Data:

(* Identify f : n.-tuple (nat * nat) -> R with the formal sum of the
   f(s) * prod_i u_i^(s_i.1) v_i^(s_i.2).  Then [op moveE] and [op moveF] are the
   derivations E = sum_i u_i d/dv_i and F = sum_i v_i d/du_i, and [E, F] multiplies
   the part of bidegree (X, Y) by X - Y.  On that part E is nilpotent and
   F E^(k+1) f = -(k+1)(X - Y + k) E^k f when F f = 0, so F is injective there as
   soon as X > Y.  Both operators commute with permutations of the n indices, hence
   F maps the symmetric (resp. alternating) functions of bidegree (X + 1, Y)
   injectively into those of bidegree (X, Y + 1) when Y <= X.  These spaces have
   bases indexed by the multisets (resp. sets) of n vectors with the given sum,
   which p_n (resp. q_n) counts. *)

From mathcomp Require Import all_boot all_algebra all_fingroup.
From mathcomp Require Import ring zify.
Set Implicit Arguments. Unset Strict Implicit. Unset Printing Implicit Defensive.
Import GRing.Theory Num.Theory.

Open Scope ring_scope.

Lemma sum_neq0 (V : nmodType) (I : finType) (F : I -> V) :
  \sum_i F i != 0 -> exists i, F i != 0.
Proof.
move=> sumF_neq0; apply/existsP; apply: contraNT sumF_neq0 => /existsPn F0.
by rewrite big1 // => i _; apply/eqP/negPn/F0.
Qed.

Lemma leq_card_row_indep (F : fieldType) (A B : finType) (M : A -> B -> F) :
  (forall u : A -> F, (forall b, \sum_a u a * M a b = 0) -> u =1 (fun=> 0)) ->
  (#|A| <= #|B|)%N.
Proof.
move=> indep; pose N := \matrix_(i < #|A|, j < #|B|) M (enum_val i) (enum_val j).
suff /eqP <- : row_free N by apply: rank_leq_col.
apply/inj_row_free => v vN0; apply/rowP => i; rewrite mxE.
suff indep_v b : \sum_a v 0 (enum_rank a) * M a b = 0.
  by have := indep _ indep_v (enum_val i); rewrite enum_valK.
have /rowP/(_ (enum_rank b)) := vN0; rewrite !mxE => /(etrans _); apply.
rewrite (reindex (fun k : 'I_#|A| => enum_val k)) /=; last first.
  by exists enum_rank => a _; rewrite ?enum_valK ?enum_rankK.
by apply: eq_bigr => k _; rewrite mxE enum_rankK enum_valK.
Qed.

Lemma vec_of_inj x : injective (@vec_of x).
Proof. by move=> [a b] [c d] [/val_inj-> /val_inj->]. Qed.

Lemma lexle_trans : transitive lexle.
Proof. by move=> [a b] [c d] [e f]; rewrite /lexle /=; lia. Qed.

Lemma lexle_anti : antisymmetric lexle.
Proof. by move=> [a b] [c d]; rewrite /lexle /= => h; apply/eqP; rewrite xpair_eqE; lia. Qed.

Lemma lexle_total : total lexle.
Proof. by move=> [a b] [c d]; rewrite /lexle /=; lia. Qed.

Lemma lexlt_trans : transitive lexlt.
Proof. by move=> [a b] [c d] [e f]; rewrite /lexlt /=; lia. Qed.

Lemma lexlt_irr : irreflexive lexlt.
Proof. by move=> [a b]; rewrite /lexlt /=; lia. Qed.

Lemma lexlt_le : subrel lexlt lexle.
Proof. by move=> [a b] [c d]; rewrite /lexle /lexlt /=; lia. Qed.

Lemma sorted_lexlt s : sorted lexle s -> uniq s -> sorted lexlt s.
Proof.
elim: s => // u [|v s] IH //= /andP[le_uv le_s] /andP[u_notin uniq_s].
apply/andP; split; last exact: IH.
move: le_uv u_notin {IH le_s uniq_s}; rewrite /lexle /lexlt inE negb_or.
by case: u v => [a b] [c d] /=; rewrite xpair_eqE; lia.
Qed.

Section Configurations.

Variable n : nat.
Local Notation cfg := (n.-tuple (nat * nat)).
Implicit Types (s : cfg) (i j : 'I_n) (y : nat * nat).

Definition set_tnth s i y : cfg := [tuple if j == i then y else tnth s j | j < n].

Lemma tnth_set_tnth s i y j : tnth (set_tnth s i y) j = if j == i then y else tnth s j.
Proof. by rewrite tnth_mktuple. Qed.

Lemma set_set_tnth s i y y' : set_tnth (set_tnth s i y) i y' = set_tnth s i y'.
Proof. by apply: eq_from_tnth => j; rewrite !tnth_set_tnth; case: (j == i). Qed.
(* Let $\delta,\alpha\geq0$, $\theta\in[0,\alpha]$, $\sigma\in\mathbb{R}$, $\varepsilon\in(0,1)$, and let $E_1(t,\xi)=\frac12|\xi|^{2\delta+\sigma}|\widehat{v}_t(t,\xi)|^2+\frac12|\xi|^{2\alpha+\sigma}|\widehat{v}(t,\xi)|^2$. (i) If $(v_0,v_1)\in H^{\alpha+\frac\sigma2}(\mathbb{R}^n)\times H^{\delta+\frac\sigma2}(\mathbb{R}^n)$ and $\delta\leq\theta\leq\alpha$, then there is a constant $c>0$ such that $$\int_{|\xi|\geq\varepsilon}E_1(t,\xi)\,d\xi\lesssim\left\{\|v_1\|^2_{H^{\delta+\frac\sigma2}}+\|v_0\|^2_{H^{\alpha+\frac\sigma2}}\right\}e^{-ct},\quad\forall t\geq0.$$ (ii) If $(v_0,v_1)\in H^s(\mathbb{R}^n)\times H^r(\mathbb{R}^n)$, $\beta>0$ and $\theta<\delta$, with $s=\alpha+\frac{\delta-\theta}{\beta}+\frac\sigma2$ and $r=\delta+\frac{\delta-\theta}{\beta}+\frac\sigma2$, then there is $C=C(\beta)>0$ such that $$\int_{|\xi|\geq\varepsilon}E_1(t,\xi)\,d\xi\leq C\left\{\|v_1\|^2_{H^r}+\|v_0\|^2_{H^s}\right\}(1+t)^{-\frac1\beta},\quad\forall t\geq0.$$
   Context: $\widehat{v}(t,\xi)$ is the solution of $(1+|\xi|^{2\delta})\widehat{v}_{tt}+|\xi|^{2\theta}\widehat{v}_t+|\xi|^{2\alpha}\widehat{v}=0$, $\widehat{v}(0)=\widehat{v}_0$, $\widehat{v}_t(0)=\widehat{v}_1$, the Fourier transform in $x$ of the solution of $v_{tt}+(-\Delta)^\delta v_{tt}+(-\Delta)^\alpha v+(-\Delta)^\theta v_t=0$, $v(0)=v_0$, $v_t(0)=v_1$. $\lesssim$ means $\leq C\cdot$ with $C$ independent of $t$ and data. *)

From HB Require Import structures.
From mathcomp Require Import all_boot all_order all_algebra.
From mathcomp Require Import all_classical all_reals all_analysis.
Set Implicit Arguments. Unset Strict Implicit. Unset Printing Implicit Defensive.
Import Order.TTheory GRing.Theory Num.Theory.
Import numFieldNormedType.Exports.
Local Open Scope ring_scope.

(* Points of R^n are n-tuples of reals (n.-tuple R carries the product
   sigma-algebra from MathComp-Analysis, so measurability is expressible). *)

Definition enorm2 (R : realType) (n : nat) (xi : n.-tuple R) : R :=
  \sum_(i < n) (tnth xi i) ^+ 2.
Definition enorm (R : realType) (n : nat) (xi : n.-tuple R) : R :=
  Num.sqrt (enorm2 xi).

(* Lebesgue integral over R^n of a nonnegative function, realised as the
   iterated one-dimensional Lebesgue integral (equal to the Lebesgue
   integral w.r.t. the n-dimensional Lebesgue measure by Tonelli for
   nonnegative measurable integrands). *)
Fixpoint intRn (R : realType) (n : nat) : (n.-tuple R -> \bar R) -> \bar R :=
  match n with
  | 0 => fun f => f [tuple]
  | k.+1 => fun f =>
      (\int[@lebesgue_measure R]_x intRn (fun y : k.-tuple R => f (cons_tuple x y)))%E
  end.

(* Squared H^s norm of a tempered distribution given through its Fourier
   transform, the complex-valued function xi |-> fre xi + i fim xi:
   ||f||_{H^s}^2 = \int_{R^n} (1+|xi|^2)^s |\hat f(xi)|^2 dxi. *)
Definition Hs_norm2 (R : realType) (n : nat) (s : R)
    (fre fim : n.-tuple R -> R) : \bar R :=
  intRn (fun xi => ((1 + enorm2 xi) `^ s * (fre xi ^+ 2 + fim xi ^+ 2))%:E).

Definition in_Hs (R : realType) (n : nat) (s : R)
    (fre fim : n.-tuple R -> R) : Prop :=
  measurable_fun setT fre /\ measurable_fun setT fim /\
  (Hs_norm2 s fre fim < +oo)%E.

Definition solves_ode (R : realType) (n : nat) (delta alpha theta : R)
    (xi : n.-tuple R) (f : R -> R) (a b : R) : Prop :=
  (forall t, derivable f t 1) /\
  (forall t, derivable (derive1 f) t 1) /\
  f 0 = a /\ derive1 f 0 = b /\
  forall t, (1 + enorm xi `^ (2 * delta)) * derive1 (derive1 f) t
            + enorm xi `^ (2 * theta) * derive1 f t
            + enorm xi `^ (2 * alpha) * f t = 0.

Assigned task:
What is needed is the number of lines in the entries that contain the word "Require", written alone.

Answer to the exercise:
5